But, many of the everyday products that we use may be the result of forced labor.

“The world is now focused on slave labor again,” said Justin Dillon, CEO of the group Made in a Free World, which seeks to inform businesses about slave and child labor in their supply chains.

Last month, a new federal law was enacted to prohibit importation of goods made with forced labor into the U.S., a big boost in the fight against labor trafficking.

Since the 1930 Tariff Act, which prohibited such importation, one clause exempted this prohibition for when “consumptive demand” required such goods be imported. Critics have argued that this exemption became a wide loophole and the law’s intent was rarely enforced, resulting in the proliferation of slave-made goods in the U.S. economy.

The Trade Facilitation and Trade Enforcement Act of 2015, passed by both parties in Congress, struck that clause, and President Barack Obama signed the act into law.

The law is a “positive step” in the fight against trafficking because it “closes a rather large loophole” and is a statement that “we as a country are against products produced by forced labor – full stop,” said Mary Leary, a human trafficking expert and law professor at The Catholic University of America.

However, she told CNA, “other problems remain about our ability/political will to investigate allegations of forced labor.”

Although it may be impossible to estimate the exact number of goods produced with forced or child labor that are available to U.S. consumers, the International Labour Organization (ILO) has provided some context.

Almost 21 million people worldwide are victims of forced labor, the ILO says. 19 million of them are exploited by private corporations; 2 million suffer at the hands of the state.
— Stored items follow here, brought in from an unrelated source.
Lemma eqL2_dilate (a b c : R) (k : C) (f g : R -> C) : 0 < c -> b = c * a ->
  cmeasurable a f -> cmeasurable a g ->
  eqL2 a f g -> eqL2 b (dilate k c f) (dilate k c g).
Proof.
move=> c0 bE mf mg; rewrite /eqL2 => fg0.
have -> : (fun x => dilate k c f x - dilate k c g x) = dilate k c (fun x => f x - g x).
  by apply: funext => x; rewrite /dilate mulrBr.
by rewrite (normL2_dilate _ c0 bE) ?fg0 ?mulr0 //; exact: cmeasurableB.
Qed.

Lemma L2_dilate (a b c : R) (k : C) (f : R -> C) : 0 < c -> b = c * a ->
  L2 a f -> L2 b (dilate k c f).
Proof.
move=> c0 bE Lf; have [mr mi] := cmeasurable_dilate k c0 bE (L2_cmeasurable Lf).
split => //; subst b; case: Lf => mfr mfi finf.
have mcf := measurable_csq (conj mfr mfi).
rewrite /dilate; under eq_integral do rewrite csqM EFinM.
rewrite ge0_integralZl //; last 4 first.
- exact: measurable_itv.
- apply/measurable_EFinP.
  exact: (measurable_fun_itv0_scale (h := fun y => csq (f y))).
- by move=> x _; rewrite lee_fin csq_ge0.
- by rewrite lee_fin csq_ge0.
rewrite (ge0_integral_itv0_scale (f := fun y => (csq (f y))%:E)) //; last 2 first.
- exact/measurable_EFinP.
- by move=> x; rewrite lee_fin csq_ge0.
rewrite muleA -EFinM; apply: lte_mul_pinfty => //.
by rewrite lee_fin mulr_ge0 ?csq_ge0 ?(ltW c0).
Qed.

Lemma innerL2_dilate (a b c : R) (k : C) (f g : R -> C) : 0 < c -> b = c * a ->
  cmeasurable a f -> cmeasurable a g ->
  innerL2 b (dilate k c f) (dilate k c g) = (csq k * c)%:C * innerL2 a f g.
Proof.
move=> c0 -> mf mg; rewrite /innerL2 /dilate.
have [mr mi] := cmeasurable_mul_conj mf mg.
under eq_Rintegral do rewrite mul_conj_scale Re_realM.
under [X in _ +i* X]eq_Rintegral do rewrite mul_conj_scale Im_realM.
rewrite !Rintegral_ge0Zl ?csq_ge0 //; first last.
- exact: (measurable_fun_itv0_scale (h := fun y => Re (f y * conjc (g y)))).
- exact: measurable_itv.
- exact: (measurable_fun_itv0_scale (h := fun y => Im (f y * conjc (g y)))).
- exact: measurable_itv.
rewrite (Rintegral_itv0_scale (h := fun y => Re (f y * conjc (g y)))) //.
rewrite (Rintegral_itv0_scale (h := fun y => Im (f y * conjc (g y)))) //.
by apply/eqP; rewrite eq_complex /= !mul0r subr0 addr0 !mulrA !eqxx.
Qed.

Definition dilate_conj (k1 k2 : C) (c : R) (T : (R -> C) -> R -> C) :
    (R -> C) -> R -> C :=
  fun f => dilate k1 c (T (dilate k2 c^-1 f)).

Lemma bounded_linear_op_conj (a c : R) (k1 k2 : C) (T : (R -> C) -> R -> C) :
  0 < c -> bounded_linear_op a T -> bounded_linear_op (c * a) (dilate_conj k1 k2 c T).
Proof.
move=> c0 [TL Tlin [K TK]].
have cV0 : 0 < c^-1 by rewrite invr_gt0.
have aE : a = c^-1 * (c * a) by rewrite mulKf // gt_eqF.
have L2D f : L2 (c * a) f -> L2 a (dilate k2 c^-1 f).
  by move=> Lf; exact: L2_dilate cV0 aE Lf.
rewrite /dilate_conj; split.
- by move=> f Lf; apply: L2_dilate c0 erefl _; exact/TL/L2D.
- move=> z f g Lf Lg.
  have -> : dilate k2 c^-1 (fun x => z * f x + g x) =
      (fun x => z * dilate k2 c^-1 f x + dilate k2 c^-1 g x).
    by apply: funext => x; rewrite /dilate; ring.
  have -> : (fun x => z * dilate k1 c (T (dilate k2 c^-1 f)) x +
                      dilate k1 c (T (dilate k2 c^-1 g)) x) =
      dilate k1 c (fun x => z * T (dilate k2 c^-1 f) x + T (dilate k2 c^-1 g) x).
    by apply: funext => x; rewrite /dilate; ring.
  apply: (eqL2_dilate _ c0 erefl) (Tlin _ _ _ (L2D _ Lf) (L2D _ Lg)).
  + by apply: L2_cmeasurable; apply: TL; apply: L2_lin; exact: L2D.
  + by apply: L2_cmeasurable; apply: L2_lin; apply: TL; exact: L2D.
- exists (Num.sqrt (csq k1 * c) * K * Num.sqrt (csq k2 * c^-1)) => f Lf.
  rewrite (normL2_dilate _ c0 erefl); last exact/L2_cmeasurable/TL/L2D.
  rewrite -!mulrA ler_wpM2l ?sqrtr_ge0 // (le_trans (TK _ (L2D _ Lf))) //.
  by rewrite (normL2_dilate _ cV0 aE) ?mulrA //; exact: L2_cmeasurable.
Qed.

Lemma bounded_invertible_op_conj (a c : R) (k1 k2 : C) (T : (R -> C) -> R -> C) :
  0 < c -> k1 != 0 -> k2 != 0 -> bounded_invertible_op a T ->
  bounded_invertible_op (c * a) (dilate_conj k1 k2 c T).
Proof.
move=> c0 k10 k20 [BT [S [BS STE TSE]]].
have cV0 : 0 < c^-1 by rewrite invr_gt0.
have aE : a = c^-1 * (c * a) by rewrite mulKf // gt_eqF.
have [TL _ _] := BT; have [SL _ _] := BS.
have cn0 : c != 0 by rewrite gt_eqF.
split; first exact: bounded_linear_op_conj.
exists (dilate_conj k2^-1 k1^-1 c S); split; first exact: bounded_linear_op_conj.
- move=> f Lf; rewrite /dilate_conj (dilate_cancel _ (mulVf k10) (mulVf cn0)).
  rewrite -{2}(dilate_cancel f (mulVf k20) (mulfV cn0)).
  have Lg := L2_dilate k2 cV0 aE Lf.
  apply: (eqL2_dilate _ c0 erefl) (STE _ Lg); apply: L2_cmeasurable => //.
  by apply: SL; exact: TL.
- move=> f Lf; rewrite /dilate_conj (dilate_cancel _ (mulfV k20) (mulVf cn0)).
  rewrite -{2}(dilate_cancel f (mulfV k10) (mulfV cn0)).
  have Lg := L2_dilate k1^-1 cV0 aE Lf.
  apply: (eqL2_dilate _ c0 erefl) (TSE _ Lg); apply: L2_cmeasurable => //.
  by apply: TL; exact: SL.
Qed.

Lemma orthonormal_basis_dilate (a c : R) (k : C) (I : Type) (u : I -> R -> C) :
  0 < c -> csq k * c = 1 -> orthonormal_basis a u ->
  orthonormal_basis (c * a) (fun i => dilate k c (u i)).
Proof.
move=> c0 kc1 [uL uo uc].
have cV0 : 0 < c^-1 by rewrite invr_gt0.
have aE : a = c^-1 * (c * a) by rewrite mulKf // gt_eqF.
have k0 : k != 0.
  by apply: contra_eq_neq kc1 => ->; rewrite csq0 mul0r eq_sym oner_eq0.
have innerE f g : cmeasurable a f -> cmeasurable a g ->
    innerL2 (c * a) (dilate k c f) (dilate k c g) = innerL2 a f g.
  by move=> mf mg; rewrite (innerL2_dilate _ c0 erefl mf mg) kc1 mul1r.
split.
- by move=> i; exact: L2_dilate c0 erefl (uL i).
- by move=> i j; rewrite innerE ?uo //; exact: L2_cmeasurable.
- move=> f Lf fu0.
  pose g := dilate k^-1 c^-1 f.
  have Lg : L2 a g := L2_dilate k^-1 cV0 aE Lf.
  have fE : f = dilate k c g by rewrite dilate_cancel // mulfV // gt_eqF.
  have g0 : eqL2 a g (fun=> 0).
    apply: (uc _ Lg) => i; have := fu0 i.
    by rewrite fE innerE //; exact: L2_cmeasurable.
  rewrite fE; have := eqL2_dilate k c0 erefl (L2_cmeasurable Lg) (cmeasurable0 a) g0.
  by congr eqL2; apply: funext => x; rewrite /dilate mulr0.
Qed.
An estimated $150 billion a year is made in profits from forced labor.

The abuse extends across industries, Leary said: agriculture, manufacturing, shipping, service industries like janitorial services, construction, and fishing. Whether the culprits are sweat shops in Bangladesh, slave fishing in Indonesia, or mines in India, the raw materials gathered or processed by forced labor end up in U.S. stores.
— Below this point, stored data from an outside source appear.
Theorem proposition6p1 (T : nat -> nat)
  (HT1 : softO_closed T) (HT2 : superadditive_O T) (HT3 : reads_input T) :
  forall K : nat, exists (K' : nat) (P : seq instr) (c : nat),
    forall O : oracle, oracle_solves K' O ->
    forall (n : nat) (A B C : nat -> nat), 2 <= n ->
      valid_instance K n A B C ->
      exists (t : nat) (m' : memory),
        Exec P O T 0 (init_mem n A B C) t m' /\
        t <= c * T n * lg n /\
        correct_output n A B C m'.
Proof.
move=> K; have [c0 reads] := HT3.
exists (3 * K), prog, (300 * (c0 + 1)) => O solves n A B C n_ge2 valid.
have [m1 [R1 [r2 [r3 [r4 [r6 inst]]]]]] := save_input_spec O T n_ge2 A B C.
have [m2 [R2 [lay2 rg2]]] := init_search_spec O T n_ge2 r2 r3 r4 r6 inst.
have span : (clen n).+1 - 0 <= 2 ^ (lg n).+2.
  have n_lt : n < 2 ^ (lg n).+1 by apply: trunc_log_ltn.
  by move: n_lt; rewrite !expnS; lia.
have [tL [m3 [lo [R3 [htL [lay3 [rg3 inv3]]]]]]] :=
  search_loop_spec T n_ge2 solves valid lay2 rg2 (search_invariant_init n A B C) span.
have [tF [mf [EF [htF out]]]] := finish_spec O T n_ge2 lay3 rg3 inv3.
exists (40 + ((4 * n - 8) * 6 + 2) + (6 + (clen n * 6 + 2) + 13) + tL + tF), mf.
split; first exact: Run_Exec (Run_trans (Run_trans R1 R2) R3) EF.
by split=> //; apply: total_cost_le (reads n _) htL htF; lia.
Qed.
Verité, a fair labor NGO and State Department grantee, released a report this year documenting the role of forced labor or child labor in 43 different commodities that are circulated worldwide, like flowers, produce, seafood, and metals. The report listed the chief offending countries for each commodity and the countries from which the U.S. imports these goods.

Investigations by The Guardian and the Associated Press in 2015 also made headlines, uncovering a shadowy network of slave fishing in Southeast Asia and Thailand which exports seafood worldwide.
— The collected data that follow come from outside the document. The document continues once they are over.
(* Let $A\in\mathbb{R}^{n\times m}$, let $b\in\mathbb{R}^n$ lie in the span of the columns of $A$, and let $x^*$ be an optimal solution of $\min_{x\in\mathbb{R}^m:\, A x = b} \|x\|_\infty$. Let $r \in \Delta_m$ have strictly positive entries. Then \[ \|x^*\|_\infty^2 \geq b^\top \left(A\,\mathbf{D}(r)^{-1}A^{\top}\right)^+ b . \]
   Context: $\Delta_m=\{p\in\mathbb{R}^m: \sum_i p_i=1,\ p_i\ge 0\}$ is the probability simplex. For a vector $r$, $\mathbf{D}(r)$ is the diagonal matrix with diagonal $r$. For a symmetric matrix $L$, $L^+$ denotes its Moore–Penrose pseudoinverse. *)

From HB Require Import structures.
From mathcomp Require Import all_boot all_order all_algebra.
From mathcomp Require Import boolp classical_sets reals.
Set Implicit Arguments. Unset Strict Implicit. Unset Printing Implicit Defensive.
Import Order.TTheory GRing.Theory Num.Theory.
Local Open Scope ring_scope.

Definition is_pinv (R : realType) (k : nat) (L P : 'M[R]_k) : Prop :=
  [/\ L *m P *m L = L, P *m L *m P = P,
      (L *m P)^T = L *m P & (P *m L)^T = P *m L].

(* The Moore-Penrose pseudoinverse L^+ (chosen classically; it exists and is
   unique for real matrices). *)
Definition pinv (R : realType) (k : nat) (L : 'M[R]_k) : 'M[R]_k :=
  xget 0 (fun P => is_pinv L P).

Definition normInf (R : realType) (m : nat) (x : 'cV[R]_m) : R :=
  \big[Num.max/0]_(i < m) `|x i 0|.

Definition Dg (R : realType) (m : nat) (r : 'cV[R]_m) : 'M[R]_m :=
  diag_mx r^T.

From HB Require Import structures.
From mathcomp Require Import all_boot all_order all_algebra.
From mathcomp Require Import boolp classical_sets reals.
From mathcomp Require Import ring lra.
Import Order.TTheory GRing.Theory Num.Theory.
Local Open Scope ring_scope.

(* Write L = A D(r)^-1 A^T, P = L^+ and c = A^T P b. For any x with A x = b,
   Q := b^T P b equals both x^T c and c^T D(r)^-1 c (the latter by P L P = P).
   Expanding 0 <= sum_i r_i (x_i - c_i / r_i)^2 gives Q <= sum_i r_i x_i^2,
   a convex combination of the x_i^2, hence at most ||x||_oo^2. *)

Lemma normInf_ge {R : realType} {m : nat} (x : 'cV[R]_m) (i : 'I_m) :
  `|x i 0| <= normInf x.
Proof.
by rewrite /normInf (bigD1 i) //= le_max lexx.
Qed.

Lemma convex_sqr_le_normInf {R : realType} {m : nat} (x r : 'cV[R]_m) :
  (forall i, 0 <= r i 0) -> \sum_i r i 0 = 1 ->
  \sum_i r i 0 * x i 0 ^+ 2 <= normInf x ^+ 2.
Proof.
move=> r_ge0 r_sum1.
rewrite -[_ ^+ 2]mul1r -r_sum1 mulr_suml; apply: ler_sum => i _.
have N_ge0 : 0 <= normInf x := le_trans (normr_ge0 _) (normInf_ge x i).
by rewrite ler_wpM2l // -real_normK ?num_real // ler_sqr ?nnegrE ?normInf_ge.
Qed.

Lemma weighted_young {R : realType} {m : nat} (x c r : 'cV[R]_m) :
  (forall i, 0 < r i 0) ->
  2 * \sum_i x i 0 * c i 0 - \sum_i c i 0 ^+ 2 / r i 0
    <= \sum_i r i 0 * x i 0 ^+ 2.
Proof.
move=> r_gt0; rewrite mulr_sumr -sumrB; apply: ler_sum => i _.
have r_neq0 : r i 0 != 0 by exact: lt0r_neq0.
have -> : 2 * (x i 0 * c i 0) - c i 0 ^+ 2 / r i 0
        = r i 0 * x i 0 ^+ 2 - r i 0 * (x i 0 - c i 0 / r i 0) ^+ 2 by field.
by rewrite lerBlDr lerDl mulr_ge0 ?sqr_ge0 ?ltW.
Qed.

Lemma invmx_Dg {R : realType} {m : nat} (r : 'cV[R]_m) :
  (forall i, r i 0 != 0) -> invmx (Dg r) = diag_mx (\row_j (r j 0)^-1).
Proof.
move=> r_neq0.
have DgK : Dg r *m diag_mx (\row_j (r j 0)^-1) = 1%:M.
  rewrite /Dg mulmx_diag -diag_const_mx; congr diag_mx.
  by apply/matrixP => i j; rewrite !mxE mulfV.
have [Dg_unit _] := mulmx1_unit DgK.
by rewrite -[RHS](mulKmx Dg_unit) DgK mulmx1.
Qed.

Lemma is_pinv_sym {R : realType} {k : nat} (L P : 'M[R]_k) :
  L^T = L -> is_pinv L P -> P^T = P.
Proof.
move=> L_sym [LPL PLP LP_sym PL_sym].
have PtL : P^T *m L = L *m P by rewrite -LP_sym trmx_mul L_sym.
have LPt : L *m P^T = P *m L by rewrite -PL_sym trmx_mul L_sym.
have P_eq : P = P *m L *m P^T.
  have P_eq' : P = P *m P^T *m L by rewrite -mulmxA PtL mulmxA PLP.
  rewrite {1}P_eq' -{1}LPL.
  have -> : P *m P^T *m (L *m P *m L) = P *m (P^T *m L) *m (P *m L)
    by rewrite !mulmxA.
  by rewrite PtL -{1}LPt !mulmxA PLP.
by rewrite {1}P_eq !trmx_mul trmxK L_sym mulmxA.
Qed.

(* The second case is the default value of [xget], reached only if [L] has no
   pseudoinverse. *)
Lemma pinvP {R : realType} {k : nat} (L : 'M[R]_k) :
  is_pinv L (pinv L) \/ pinv L = 0.
Proof.
have [[P LP]|no_pinv] := pselect (exists P, is_pinv L P).
  by left; exact: (xgetPex 0 (ex_intro _ P LP)).
by right; rewrite /pinv xgetPN // => P LP; apply: no_pinv; exists P.
Qed.

Section WeightedPinvBound.
Context {R : realType} {n m : nat} (A : 'M[R]_(n, m)) (r : 'cV[R]_m).
Hypothesis r_gt0 : forall i, 0 < r i 0.

Let W := diag_mx (\row_j (r j 0)^-1).
Let L := A *m W *m A^T.

Lemma weighted_gram_sym : L^T = L.
Proof. by rewrite /L !trmx_mul trmxK tr_diag_mx mulmxA. Qed.

Lemma pinv_quad_le_weighted (P : 'M[R]_n) (x : 'cV[R]_m) :
  P^T = P -> P *m L *m P = P ->
  ((A *m x)^T *m P *m (A *m x)) 0 0 <= \sum_i r i 0 * x i 0 ^+ 2.
Proof.
move=> P_sym PLP; set Q := (_ 0 0).
set c := A^T *m P *m (A *m x).
have Q_lin : Q = \sum_i x i 0 * c i 0.
  have -> : Q = (x^T *m c) 0 0 by rewrite /Q /c trmx_mul !mulmxA.
  by rewrite mxE; apply: eq_bigr => i _; rewrite mxE.
have Q_quad : Q = \sum_i c i 0 ^+ 2 / r i 0.
  have -> : Q = (c^T *m W *m c) 0 0.
    by rewrite /Q /c !trmx_mul trmxK P_sym -[in LHS]PLP /L !mulmxA.
  by rewrite /W mul_mx_diag mxE; apply: eq_bigr => i _; rewrite !mxE expr2 mulrAC.
have := weighted_young x c r r_gt0; rewrite -Q_lin -Q_quad; lra.
Qed.

End WeightedPinvBound.

Theorem lemma2p1 (R : realType) (n m : nat)
  (A : 'M[R]_(n, m)) (b : 'cV[R]_n) (xs : 'cV[R]_m) (r : 'cV[R]_m)
  (hb : exists y : 'cV[R]_m, A *m y = b)
  (hxs : A *m xs = b)
  (hopt : forall x : 'cV[R]_m, A *m x = b -> normInf xs <= normInf x)
  (hr_pos : forall i : 'I_m, 0 < r i 0)
  (hr_sum : \sum_(i < m) r i 0 = 1) :
  (b^T *m pinv (A *m invmx (Dg r) *m A^T) *m b) 0 0 <= normInf xs ^+ 2.
Proof.
have r_ge0 i : 0 <= r i 0 by exact: ltW.
apply: le_trans _ (convex_sqr_le_normInf xs r r_ge0 hr_sum).
have [pinv_spec|->] := pinvP (A *m invmx (Dg r) *m A^T); last first.
  rewrite mulmx0 mul0mx mxE; apply: sumr_ge0 => i _.
  by rewrite mulr_ge0 ?sqr_ge0.
have r_neq0 i : r i 0 != 0 by exact: lt0r_neq0.
rewrite invmx_Dg // in pinv_spec *.
rewrite -hxs; apply: pinv_quad_le_weighted => //.
  exact: is_pinv_sym (weighted_gram_sym A r) pinv_spec.
by case: pinv_spec.
Qed.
The AP investigation traced some of this seafood all the way to U.S. businesses. Shrimp caught and processed with slave labor ended up in the supply chains of U.S. grocery stores, food distributors, and restaurants.

Conditions are horrible for forced laborers in Thai fishing boats and processing factories. The State Department’s 2015 Trafficking in Persons report explained the details.

“Thai, Burmese, Cambodian, and Indonesian men are subjected to forced labor on Thai fishing boats; some men remain at sea for several years, are paid very little or irregularly, work as much as 18 to 20 hours per day for seven days a week, or are threatened and physically beaten. Some victims of trafficking in the fishing sector were unable to return home due to isolated workplaces, unpaid wages, and the lack of legitimate identity,” the report explained.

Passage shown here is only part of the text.